(Work to be completed) Please copy out the records that follow, word for word.

Collected data entries:

○ ○ ○ ○

Definition prod_opens {X Y : Type} (OX : opens X) (OY : opens Y) : opens (X * Y) :=
  fun W => forall p, W p ->
    exists U V, OX U /\ OY V /\ U (fst p) /\ V (snd p) /\
      (forall a b, U a -> V b -> W (a, b)).

Definition R_opens : opens R :=
  fun U => forall x, U x -> exists eps, eps > 0 /\ (forall y, Rabs (y - x) < eps -> U y).

Definition hilbert_cube : Type := { x : nat -> R | forall n, 0 <= x n <= 1 }.

Definition cube_opens : opens hilbert_cube :=
  fun W => forall x, W x -> exists (N : nat) (eps : R), eps > 0 /\
    (forall y : hilbert_cube,
       (forall i, (i < N)%nat -> Rabs (proj1_sig y i - proj1_sig x i) < eps) -> W y).

Definition is_group {G : Type} (mul : G -> G -> G) (inv : G -> G) (e : G) : Prop :=
  (forall a b c, mul a (mul b c) = mul (mul a b) c) /\
  (forall a, mul e a = a) /\ (forall a, mul a e = a) /\
  (forall a, mul (inv a) a = e) /\ (forall a, mul a (inv a) = e).

Definition is_topological_group {G : Type} (O : opens G)
  (mul : G -> G -> G) (inv : G -> G) (e : G) : Prop :=
  is_group mul inv e /\ is_topology O /\
  continuous (prod_opens O O) O (fun p => mul (fst p) (snd p)) /\
  continuous O O inv.

Definition solenoidal {G : Type} (O : opens G) (mul : G -> G -> G) : Prop :=
  exists f : R -> G,
    (forall s t, f (s + t) = mul (f s) (f t)) /\
    continuous R_opens O f /\
    (forall U, O U -> (exists g, U g) -> exists t, U (f t)).

Definition continuous_action {G X : Type} (OG : opens G) (OX : opens X)
  (mul : G -> G -> G) (e : G) (act : G -> X -> X) : Prop :=
  (forall x, act e x = x) /\
  (forall g h x, act (mul g h) x = act g (act h x)) /\
  continuous (prod_opens OG OX) OX (fun p => act (fst p) (snd p)).

Definition has_fixed_point {G X : Type} (act : G -> X -> X) : Prop :=
  exists x, forall g, act g x = x.

From Stdlib Require Import Reals Lra Lia ZArith.
From Stdlib Require Import Classical ClassicalEpsilon FunctionalExtensionality ProofIrrelevance.
From mathcomp Require Import all_boot.
Set Implicit Arguments. Unset Strict Implicit.
Close Scope R_scope.
Open Scope nat_scope.

(* The key case is a flow.  The Hilbert cube has the fixed-point property:
   label the grid points y of mesh 1/(m+1) in the first m+1 coordinates by the
   first coordinate that is positive and not increased by the map; Sperner's lemma, proved by the
   door-parity argument on Kuhn simplices, yields a small grid cube carrying all
   labels, and a cluster point of these cubes as m grows is a fixed point.  Each
   time-(1/2)^m map of a flow thus has a fixed point; a cluster point of these
   is fixed by all dyadic times, hence by all times by density and continuity.
   A solenoidal group acts through the dense image of R, so the fixed point of
   the induced flow is fixed by the whole group. *)

(** * Sperner's lemma on Kuhn triangulations *)

Definition propb (P : Prop) : bool := if excluded_middle_informative P then true else false.
Lemma propbP P : reflect P (propb P).
Proof. by rewrite /propb; case: excluded_middle_informative => H; [left|right]. Qed.

Lemma uniq_map_inj_in (T1 T2 : eqType) (f : T1 -> T2) (s : seq T1) :
  uniq (map f s) -> {in s &, injective f}.
Proof.
elim: s => [|a s IH] //= /andP [Ha Hu] x y.
rewrite !inE => /orP[/eqP->|Hx] /orP[/eqP->|Hy] Hf //.
- by move: Ha; rewrite Hf (map_f f Hy).
- by move: Ha; rewrite -Hf (map_f f Hx).
- exact: IH.
Qed.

○ ○ ○ ○

(Solution)
Definition prod_opens {X Y : Type} (OX : opens X) (OY : opens Y) : opens (X * Y) :=
  fun W => forall p, W p ->
    exists U V, OX U /\ OY V /\ U (fst p) /\ V (snd p) /\
      (forall a b, U a -> V b -> W (a, b)).

Definition R_opens : opens R :=
  fun U => forall x, U x -> exists eps, eps > 0 /\ (forall y, Rabs (y - x) < eps -> U y).

Definition hilbert_cube : Type := { x : nat -> R | forall n, 0 <= x n <= 1 }.

Definition cube_opens : opens hilbert_cube :=
  fun W => forall x, W x -> exists (N : nat) (eps : R), eps > 0 /\
    (forall y : hilbert_cube,
       (forall i, (i < N)%nat -> Rabs (proj1_sig y i - proj1_sig x i) < eps) -> W y).

Definition is_group {G : Type} (mul : G -> G -> G) (inv : G -> G) (e : G) : Prop :=
  (forall a b c, mul a (mul b c) = mul (mul a b) c) /\
  (forall a, mul e a = a) /\ (forall a, mul a e = a) /\
  (forall a, mul (inv a) a = e) /\ (forall a, mul a (inv a) = e).

Definition is_topological_group {G : Type} (O : opens G)
  (mul : G -> G -> G) (inv : G -> G) (e : G) : Prop :=
  is_group mul inv e /\ is_topology O /\
  continuous (prod_opens O O) O (fun p => mul (fst p) (snd p)) /\
  continuous O O inv.

Definition solenoidal {G : Type} (O : opens G) (mul : G -> G -> G) : Prop :=
  exists f : R -> G,
    (forall s t, f (s + t) = mul (f s) (f t)) /\
    continuous R_opens O f /\
    (forall U, O U -> (exists g, U g) -> exists t, U (f t)).

Definition continuous_action {G X : Type} (OG : opens G) (OX : opens X)
  (mul : G -> G -> G) (e : G) (act : G -> X -> X) : Prop :=
  (forall x, act e x = x) /\
  (forall g h x, act (mul g h) x = act g (act h x)) /\
  continuous (prod_opens OG OX) OX (fun p => act (fst p) (snd p)).

Definition has_fixed_point {G X : Type} (act : G -> X -> X) : Prop :=
  exists x, forall g, act g x = x.

From Stdlib Require Import Reals Lra Lia ZArith.
From Stdlib Require Import Classical ClassicalEpsilon FunctionalExtensionality ProofIrrelevance.
From mathcomp Require Import all_boot.
Set Implicit Arguments. Unset Strict Implicit.
Close Scope R_scope.
Open Scope nat_scope.

(* The key case is a flow.  The Hilbert cube has the fixed-point property:
   label the grid points y of mesh 1/(m+1) in the first m+1 coordinates by the
   first coordinate that is positive and not increased by the map; Sperner's lemma, proved by the
   door-parity argument on Kuhn simplices, yields a small grid cube carrying all
   labels, and a cluster point of these cubes as m grows is a fixed point.  Each
   time-(1/2)^m map of a flow thus has a fixed point; a cluster point of these
   is fixed by all dyadic times, hence by all times by density and continuity.
   A solenoidal group acts through the dense image of R, so the fixed point of
   the induced flow is fixed by the whole group. *)

(** * Sperner's lemma on Kuhn triangulations *)

Definition propb (P : Prop) : bool := if excluded_middle_informative P then true else false.
Lemma propbP P : reflect P (propb P).
Proof. by rewrite /propb; case: excluded_middle_informative => H; [left|right]. Qed.

Lemma uniq_map_inj_in (T1 T2 : eqType) (f : T1 -> T2) (s : seq T1) :
  uniq (map f s) -> {in s &, injective f}.
Proof.
elim: s => [|a s IH] //= /andP [Ha Hu] x y.
rewrite !inE => /orP[/eqP->|Hx] /orP[/eqP->|Hy] Hf //.
- by move: Ha; rewrite Hf (map_f f Hy).
- by move: Ha; rewrite -Hf (map_f f Hx).
- exact: IH.
Qed.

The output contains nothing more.